Levers, Kalisha thought. There are levers, Avery.
He nodded at her from the other side of their circle.
It wasn’t power, at least not yet, and she knew it would be a fatal mistake to believe it was, but the potential for power was present. Kalisha thought, This is like breathing air just before the summer’s biggest thunderstorm lets rip.
“Guys?” Len said in a timid voice. “My head’s clear. I can’t remember the last time it was clear like this.” He looked at Kalisha with something like panic. “Don’t let go of me, Sha!”
You’re okay, she thought at him. You’re safe.
But he wasn’t. None of them were.
Kalisha knew what came next, what had to come next, and she dreaded it. Of course, she also wanted it. Only it was more than wanting. It was lusting. They were children with high explosives, and that might be wrong, but it felt so right.
Avery spoke in a low, clear voice. “Think. Think with me, guys.”
He began, the thought and the image that went with it strong and clear. Nicky joined him. Katie, George, and Helen chimed in. So did Kalisha. Then the rest of them. They chanted at the end of the movies, and they chanted now.
Think of the sparkler. Think of the sparkler. Think of the sparkler.
The dots came, brighter than they had ever been. The hum came, louder than it had ever been. The sparkler came, spitting brilliance.
And suddenly they weren’t just eleven. Suddenly they were twenty-eight.
Ignition, Kalisha thought. She was terrified; she was exultant; she was holy.
OH MY GOD
19
When Tim finished telling Luke’s story, Sheriff Ashworth sat silent for several seconds in the dispatch chair, his fingers laced together on his considerable belly. Then he picked up the flash drive, studied it as if he had never seen such a thing before, and set it down. “He told you he doesn’t know what’s on it, is that right? Just got it from the housekeeper, along with a knife he used to do surgery on his earlobe.”
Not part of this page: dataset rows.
Lemma EQ_same_integralsl {Z Q V : T -> R} :
  measurable_fun setT Z -> (forall x, 0 <= Z x) ->
  measurable_fun setT Q -> (forall x, 0 <= Q x) -> same_integrals Q Z ->
  measurable_fun [set: T'] (V : T' -> R) -> EQ P Z V = EQ P Q V.
Proof.
move=> mZ Z0 mQ Q0 QZ mV; rewrite /EQ.
congr (_ - _)%E; apply: same_integrals_mul => //.
all: by [move=> A /QZ-> | move=> x; exact: funrpos_ge0 | move=> x; exact: funrneg_ge0
  | exact: measurable_funrpos | exact: measurable_funrneg].
Qed.

Lemma same_integrals_funrposneg_mul {V Vc : T -> R} (h : T -> R) :
  P.-integrable setT (EFin \o V) -> P.-integrable setT (EFin \o Vc) ->
  measurable_fun [set: T'] (Vc : T' -> R) -> same_integrals V Vc ->
  measurable_fun [set: T'] (h : T' -> R) -> (forall x, 0 <= h x) ->
  (\int[P]_x ((V^\+ x + Vc^\- x) * h x)%:E =
   \int[P]_x ((V^\- x + Vc^\+ x) * h x)%:E)%E.
Proof.
move=> iV iVc mVc VVc mh h0.
have mV : measurable_fun setT V by apply/measurable_EFinP; exact: measurable_int iV.
have mVcT := measurable_fun_sub mVc.
apply: same_integrals_mul => //.
- by apply: measurable_funD; [exact: measurable_funrpos|exact: measurable_funrneg].
- by apply: measurable_funD; [exact: measurable_funrneg|exact: measurable_funrpos].
- by move=> x; rewrite addr_ge0.
- by move=> x; rewrite addr_ge0.
move=> A GA; have mA := sub_G _ GA.
apply: eq_integral_funrposneg => //; last exact: VVc.
- exact: integrableS iV.
- exact: integrableS iVc.
Qed.

(* Conditional Jensen for the positive part, integrated against [Q]. *)
Lemma le_integral_mul_funrpos {Q V Vc : T -> R} :
  measurable_fun [set: T'] (Q : T' -> R) -> (forall x, 0 <= Q x) ->
  measurable_fun setT V -> measurable_fun [set: T'] (Vc : T' -> R) ->
  (forall h : T -> R, measurable_fun [set: T'] (h : T' -> R) -> (forall x, 0 <= h x) ->
     (\int[P]_x ((V^\+ x + Vc^\- x) * h x)%:E =
      \int[P]_x ((V^\- x + Vc^\+ x) * h x)%:E)%E) ->
  (\int[P]_x (Q x * Vc^\+ x)%:E <= \int[P]_x (Q x * V^\+ x)%:E)%E.
Proof.
move=> mQ Q0 mV mVc swap.
(* On [Vc >= 0] the test function [h] sees [Vc^\+] and not [Vc^\-]. *)
pose h x := if 0 <= Vc x then Q x else 0.
have h0 x : 0 <= h x by rewrite /h; case: ifP.
have mh : measurable_fun [set: T'] (h : T' -> R).
  by apply: measurable_fun_ifT => //; exact: measurable_fun_ler.
have mQT := measurable_fun_sub mQ; have mhT := measurable_fun_sub mh.
have mVcT := measurable_fun_sub mVc.
have mVp := measurable_funrpos mV; have mVn := measurable_funrneg mV.
have mVcp := measurable_funrpos mVcT; have mVcn := measurable_funrneg mVcT.
apply: (@le_trans _ _ (\int[P]_x ((V^\- x + Vc^\+ x) * h x)%:E)%E).
  apply: ge0_le_integral => //.
  - by move=> x _; rewrite lee_fin mulr_ge0.
  - by apply/measurable_EFinP; exact: measurable_funM.
  - by apply/measurable_EFinP; apply: measurable_funM => //; exact: measurable_funD.
  move=> x _; rewrite lee_fin /h /funrpos; case: ifP => Vc0.
    by rewrite max_l// mulrC ler_wpM2r// lerDr funrneg_ge0.
  by rewrite max_r ?mulr0 ?mulr_ge0 ?addr_ge0 ?funrneg_ge0// ltW// ltNge Vc0.
rewrite -swap//; apply: ge0_le_integral => //.
- by move=> x _; rewrite lee_fin mulr_ge0// addr_ge0.
- by apply/measurable_EFinP; apply: measurable_funM => //; exact: measurable_funD.
- by apply/measurable_EFinP; exact: measurable_funM.
move=> x _; rewrite lee_fin /h /funrneg; case: ifP => Vc0.
  by rewrite max_r ?oppr_le0// addr0 mulrC.
by rewrite mulr0 mulr_ge0// funrpos_ge0.
Qed.

Lemma EQ_same_integralsr {Q V Vc : T -> R} :
  measurable_fun [set: T'] (Q : T' -> R) -> (forall x, 0 <= Q x) ->
  P.-integrable setT (EFin \o V) -> P.-integrable setT (EFin \o Vc) ->
  measurable_fun [set: T'] (Vc : T' -> R) -> same_integrals V Vc ->
  (\int[P]_x (Q x * V^\+ x)%:E < +oo)%E -> (\int[P]_x (Q x * V^\- x)%:E < +oo)%E ->
  EQ P Q V = EQ P Q Vc.
Proof.
move=> mQ Q0 iV iVc mVc VVc Vp_fin Vn_fin.
have mV : measurable_fun setT V by apply/measurable_EFinP; exact: measurable_int iV.
have mVcT := measurable_fun_sub mVc.
have mQT := measurable_fun_sub mQ.
have swap h := same_integrals_funrposneg_mul h iV iVc mVc VVc.
have Vcp_le := le_integral_mul_funrpos mQ Q0 mV mVc swap.
(* The negative parts are the positive parts of [- V] and [- Vc]. *)
have Vcn_le : (\int[P]_x (Q x * Vc^\- x)%:E <= \int[P]_x (Q x * V^\- x)%:E)%E.
  rewrite -(funrposN Vc) -(funrposN V); apply: le_integral_mul_funrpos => //.
  - exact: measurable_funN.
  - exact: measurable_funN.
  by move=> h mh h0; rewrite !(funrposN, funrnegN); symmetry; exact: swap.
have integralDl (f g : T -> R) : measurable_fun setT f -> measurable_fun setT g ->
    (forall x, 0 <= f x) -> (forall x, 0 <= g x) ->
    (\int[P]_x ((f x + g x) * Q x)%:E =
     \int[P]_x (Q x * f x)%:E + \int[P]_x (Q x * g x)%:E)%E.
  move=> mf mg f0 g0; rewrite -ge0_integralD//.
  - by apply: eq_integral => x _; rewrite mulrDl !(mulrC (Q x)).
  - by move=> x _; rewrite lee_fin mulr_ge0.
  - by apply/measurable_EFinP; exact: measurable_funM.
  - by move=> x _; rewrite lee_fin mulr_ge0.
  - by apply/measurable_EFinP; exact: measurable_funM.
have fin (f : T -> R) : (forall x, 0 <= f x) ->
    (\int[P]_x (Q x * f x)%:E < +oo)%E -> (\int[P]_x (Q x * f x)%:E)%E \is a fin_num.
  by move=> f0 f_fin; rewrite ge0_fin_numE// integral_ge0// => x _; rewrite lee_fin mulr_ge0.
rewrite /EQ; apply/sube_eq_adde.
- exact: fin Vp_fin.
- exact: fin Vn_fin.
- exact: fin (le_lt_trans Vcp_le Vp_fin).
- exact: fin (le_lt_trans Vcn_le Vn_fin).
rewrite -!integralDl ?swap//.
all: by [exact: measurable_funrpos | exact: measurable_funrneg
  | move=> x; exact: funrpos_ge0 | move=> x; exact: funrneg_ge0].
Qed.

(* [distribution P to_sigma] is the restriction of [P] to [<<s G>>]. *)
Definition to_sigma : T -> T' := id.

Lemma measurable_to_sigma : measurable_fun [set: T] to_sigma.
Proof. by move=> _ B mB; rewrite setTI; exact: sub_G. Qed.

HB.instance Definition _ :=
  isMeasurableFun.Build _ _ T T' to_sigma measurable_to_sigma.

Local Notation PG := (distribution P to_sigma).

Lemma ge0_integral_distribution_sigma (g : T' -> R) (A : set T') :
  measurable A -> measurable_fun [set: T'] g -> (forall x, 0 <= g x) ->
  (\int[PG]_(x in A) (g x)%:E = \int[P]_(x in A) (g x)%:E)%E.
Proof.
move=> mA mg g0; rewrite ge0_integral_pushforward//.
- by apply/measurable_EFinP; exact: measurable_funTS.
- by move=> x _; rewrite lee_fin.
Qed.

Section density_restriction.
Variable Z : T -> R.
Hypotheses (mZ : measurable_fun setT Z) (Z0 : forall x, 0 <= Z x)
  (iZ : P.-integrable setT (EFin \o Z)).

Let nuZ : set T' -> \bar R := fun A => (\int[P]_(x in A) (Z x)%:E)%E.

Let nuZ0 : nuZ set0 = 0%E. Proof. exact: integral_set0. Qed.

Let nuZ_ge0 A : (0 <= nuZ A)%E.
Proof. by apply: integral_ge0 => x _; rewrite lee_fin. Qed.

Let nuZ_sigma_additive : semi_sigma_additive nuZ.
Proof.
move=> F mF tF mUF; apply: (@semi_sigma_additive_nng_induced _ T R P (EFin \o Z)) => //.
- exact/measurable_EFinP.
- by move=> n; apply: sub_G; exact: mF.
- exact: sub_G.
Qed.

HB.instance Definition _ := isMeasure.Build _ T' R nuZ nuZ0 nuZ_ge0 nuZ_sigma_additive.

Let nuZ_fin : fin_num_fun nuZ.
Proof.
move=> A mA; apply: integrable_fin_num; first exact: sub_G.
exact: integrableS (sub_G _ mA) _ iZ.
Qed.

HB.instance Definition _ := Measure_isFinite.Build _ T' R nuZ nuZ_fin.

Let nuZ_dominates : nuZ `<< PG.
Proof.
apply/null_content_dominatesP => A mA PA; apply: null_set_integral => //.
- exact: sub_G.
- by apply/measurable_EFinP; exact: measurable_funTS.
Qed.

Lemma exists_cond_density : exists Q : T -> R,
  [/\ measurable_fun [set: T'] (Q : T' -> R), forall x, 0 <= Q x & same_integrals Q Z].
Proof.
pose q := Radon_Nikodym_SigmaFinite.f nuZ PG.
have q_fin x : q x \is a fin_num := Radon_Nikodym_SigmaFinite.f_fin_num nuZ_dominates x.
have mq : measurable_fun [set: T'] (fine \o q : T' -> R).
  apply/measurable_EFinP; apply: (eq_measurable_fun q) => [x _|]; first by rewrite /= fineK.
  exact/measurable_int/(Radon_Nikodym_SigmaFinite.f_integrable nuZ_dominates).
have q0 x : 0 <= fine (q x) by rewrite fine_ge0// Radon_Nikodym_SigmaFinite.f_ge0.
exists (fine \o q); split => // A GA; rewrite -ge0_integral_distribution_sigma//.
transitivity (nuZ A); last by [].
rewrite (Radon_Nikodym_SigmaFinite.f_integral nuZ_dominates GA).
by apply: eq_integral => x _; rewrite /= fineK.
Qed.

End density_restriction.

End sub_sigma_algebra.

Section uniform_integrability.
Context {d : measure_display} {T : measurableType d} {R : realType}
  (P : probability T R).

Lemma ge0_EQE (Q X : T -> R) : (forall x, 0 <= X x) ->
  EQ P Q X = (\int[P]_x (Q x * X x)%:E)%E.
Proof.
move=> X0; rewrite /EQ.
under [X in (_ - X)%E]eq_integral do rewrite max_r ?oppr_le0// mulr0.
by rewrite integral0 sube0; apply: eq_integral => x _; rewrite max_l.
Qed.

Lemma density_integrable {Z : T -> R} :
  density P Z -> P.-integrable setT (EFin \o Z).
Proof.
move=> [mZ [Z0 Z1]]; apply/integrableP; split; first exact/measurable_EFinP.
rewrite (eq_integral (fun x => (Z x)%:E)) ?Z1 ?ltry// => x _.
by rewrite /comp gee0_abs ?lee_fin.
Qed.

Lemma L1s_dominated_integral_lt {C : set (T -> R)} {V Q g : T -> R} :
  C `<=` density P -> L1s P C V -> C Q ->
  measurable_fun setT g -> (forall x, 0 <= g x <= `|V x|) ->
  (\int[P]_x (Q x * g x)%:E < +oo)%E.
Proof.
move=> CD [mV /cvg_is_fine [N _ /(_ N (leqnn N)) sup_fin]] CQ mg g_le.
have [mQ [Q0 Q1]] := CD Q CQ.
pose t x := if N%:R < `|V x| then `|V x| else 0.
have t0 x : 0 <= t x by rewrite /t; case: ifP.
have mt : measurable_fun setT t.
  apply: measurable_fun_ifT; last exact: measurable_cst.
  - by apply: measurable_fun_ltr => //; exact: measurableT_comp.
  - exact: measurableT_comp.
have sup_lt : (ereal_sup [set EQ P Q' t | Q' in C] < +oo)%E by rewrite ltey_eq sup_fin.
have Qt_fin : (\int[P]_x (Q x * t x)%:E < +oo)%E.
  rewrite -ge0_EQE//; apply: le_lt_trans sup_lt; apply: ereal_sup_ubound.
  by exists Q.
apply: le_lt_trans (_ : \int[P]_x ((N%:R * Q x)%:E + (Q x * t x)%:E) < +oo)%E.
  apply: ge0_le_integral => //.
  - by move=> x _; rewrite lee_fin mulr_ge0//; case/andP: (g_le x).
  - by apply/measurable_EFinP; exact: measurable_funM.
  - by apply: emeasurable_funD; apply/measurable_EFinP; exact: measurable_funM.
  move=> x _; rewrite -EFinD lee_fin [_ * Q x]mulrC -mulrDr ler_wpM2l//.
  have /andP[_ gV] := g_le x; apply: le_trans gV _; rewrite /t.
  by case: ltP => [_|VN]; rewrite ?lerDr// addr0.
rewrite ge0_integralD//; last 4 first.
- by move=> x _; rewrite lee_fin mulr_ge0.
- by apply/measurable_EFinP; exact: measurable_funM.
- by move=> x _; rewrite lee_fin mulr_ge0.
- by apply/measurable_EFinP; exact: measurable_funM.
under eq_integral do rewrite EFinM.
rewrite ge0_integralZl//; last 2 first.
- exact/measurable_EFinP.
- by move=> x _; rewrite lee_fin.
by rewrite Q1 mule1 lte_add_pinfty ?ltry.
Qed.
(* Let $\mathcal{H}=\mathbb{C}^2$ and let $\mathcal{L}=(\tilde H,\Gamma)$ be a minimally degenerate dephasing Lindbladian on $\mathcal{B}(\mathcal{H})$. Then there exist a non-degenerate, traceless self-adjoint operator $H$ on $\mathbb{C}^2$ and a real number $\gamma\geq 0$ such that $$\mathcal{L}=\mathcal{L}_0+\frac{\gamma}{2}\mathcal{D},\qquad \mathcal{L}_0\rho=-i[H,\rho],\qquad \mathcal{D}\rho=-[\sqrt{H},[\sqrt{H},\rho]],$$ where $\sqrt{H}:=\operatorname{sgn}(H)\sqrt{|H|}$ (functional calculus). Moreover, if $\mathcal{L}=\mathcal{L}_s$ depends smoothly on a real parameter $s$ (i.e. $\tilde H_s$ and the $\Gamma_{\alpha,s}$ are smooth in $s$), then $H_s$ and $\gamma_s$ in this representation depend smoothly on $s$ as well.
   Context: For a finite-dimensional Hilbert space $\mathcal{H}$, a Lindbladian $\mathcal{L}=(\tilde H,\Gamma)$ is the super-operator on $\mathcal{B}(\mathcal{H})$ given by $\mathcal{L}\rho=-i[\tilde H,\rho]+\sum_{\alpha\in I}\big(\Gamma_\alpha\rho\Gamma_\alpha^*-\tfrac12(\Gamma_\alpha^*\Gamma_\alpha\rho+\rho\Gamma_\alpha^*\Gamma_\alpha)\big)$, where $\tilde H=\tilde H^*$, $I$ is a finite index set and $\Gamma_\alpha$ are operators on $\mathcal{H}$. It is called dephasing if $\Gamma_\alpha=f_\alpha(\tilde H)$ for bounded Borel functions $f_\alpha$. A dephasing Lindbladian on an $n$-dimensional space has a kernel of dimension at least $n$; it is called minimally degenerate if each of its eigenvalues is minimally degenerate, i.e. the kernel has dimension exactly $n$ and every nonzero eigenvalue of $\mathcal{L}$ is simple. *)

From HB Require Import structures.
From mathcomp Require Import all_boot all_order all_algebra.
From mathcomp Require Import all_classical all_reals all_analysis.
From mathcomp.real_closed Require Import complex.

Set Implicit Arguments.
Unset Strict Implicit.
Unset Printing Implicit Defensive.

Import Order.TTheory GRing.Theory Num.Theory.
Local Open Scope ring_scope.

Section LindbladDefs.
Variable R : realType.
Local Notation C := R[i].

Definition ofR (x : R) : C := (x%:C)%C.

Definition adjmx n (A : 'M[C]_n) : 'M[C]_n := (map_mx Num.conj A)^T.

Definition hermitian n (A : 'M[C]_n) : Prop := adjmx A = A.

Definition unitary n (U : 'M[C]_n) : Prop := U *m adjmx U = 1%:M.

Definition fcalc n (A : 'M[C]_n) (f : R -> C) (B : 'M[C]_n) : Prop :=
  exists (U : 'M[C]_n) (d : 'rV[R]_n),
    [/\ unitary U,
        A = U *m diag_mx (map_mx ofR d) *m adjmx U &
        B = U *m diag_mx (\row_j f (d 0 j)) *m adjmx U].

Definition commmx n (A B : 'M[C]_n) : 'M[C]_n := A *m B - B *m A.

Definition lindblad n (I : finType) (Ht : 'M[C]_n) (G : I -> 'M[C]_n)
    (rho : 'M[C]_n) : 'M[C]_n :=
  - (Complex 0 1) *: commmx Ht rho
  + \sum_(a : I) (G a *m rho *m adjmx (G a)
                  - 2^-1 *: (adjmx (G a) *m G a *m rho + rho *m (adjmx (G a) *m G a))).

Definition dephasing n (I : finType) (Ht : 'M[C]_n) (G : I -> 'M[C]_n) : Prop :=
  hermitian Ht /\ forall a : I, exists f : R -> C, fcalc Ht f (G a).

(* Matrix of a super-operator on B(C^n) = 'M_n (acting on row vectors mxvec rho). *)
Definition supermx n (L : 'M[C]_n -> 'M[C]_n) : 'M[C]_(n * n) := lin_mx L.

Definition min_degenerate n (L : 'M[C]_n -> 'M[C]_n) : Prop :=
  \rank (kermx (supermx L)) = n /\
  forall a : C, a != 0 -> eigenvalue (supermx L) a ->
    \rank (eigenspace (supermx L) a) = 1%N.

Definition nondegenerate n (A : 'M[C]_n) : Prop :=
  forall a : C, eigenvalue A a -> \rank (eigenspace A a) = 1%N.

Definition sgnsqrt (x : R) : R := Num.sg x * Num.sqrt `|x|.

Definition dephasing_normal_form n (L : 'M[C]_n -> 'M[C]_n)
    (H : 'M[C]_n) (gamma : R) : Prop :=
  [/\ hermitian H, nondegenerate H, \tr H = 0, 0 <= gamma &
      exists sqrtH : 'M[C]_n,
        fcalc H (fun x => ofR (sgnsqrt x)) sqrtH /\
        forall rho : 'M[C]_n,
          L rho = - (Complex 0 1) *: commmx H rho
                  + ofR (gamma / 2) *: (- commmx sqrtH (commmx sqrtH rho))].

Definition smoothR (f : R -> R) : Prop :=
  forall (k : nat) (x : R), derivable (derive1n k f) x 1.

Definition smoothM m n (M : R -> 'M[C]_(m, n)) : Prop :=
  forall i j, smoothR (fun s => complex.Re (M s i j)) /\ smoothR (fun s => complex.Im (M s i j)).

End LindbladDefs.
“That’s what he said,” Tim agreed.
“Went under a fence, went through the woods, took a boat downriver just like Huck and Jim, then rode a boxcar most of the way down the East Coast.”
“According to him, yes,” Wendy said.
“Well, that’s quite a tale. I especially like the part about the telepathy and mind over matter. Like the stories the old grannies tell at their quilting bees and canning parties about rains of blood and stumpwater cures. Wendy, wake the boy up. Do it easy, I can see he’s been through a lot no matter what his real story is, but when we look at this, I want him looking with us.”
Wendy crossed the room and shook Luke’s shoulder. Gently at first, then a little harder. He muttered, moaned, and tried to pull away from her. She took his arm. “Come on, now, Luke, open your eyes and—”
He surged up so suddenly that Wendy stumbled backward. His eyes were open but unseeing, his hair sticking up in front and all around his head like quills. “They’re doing something! I saw the sparkler!”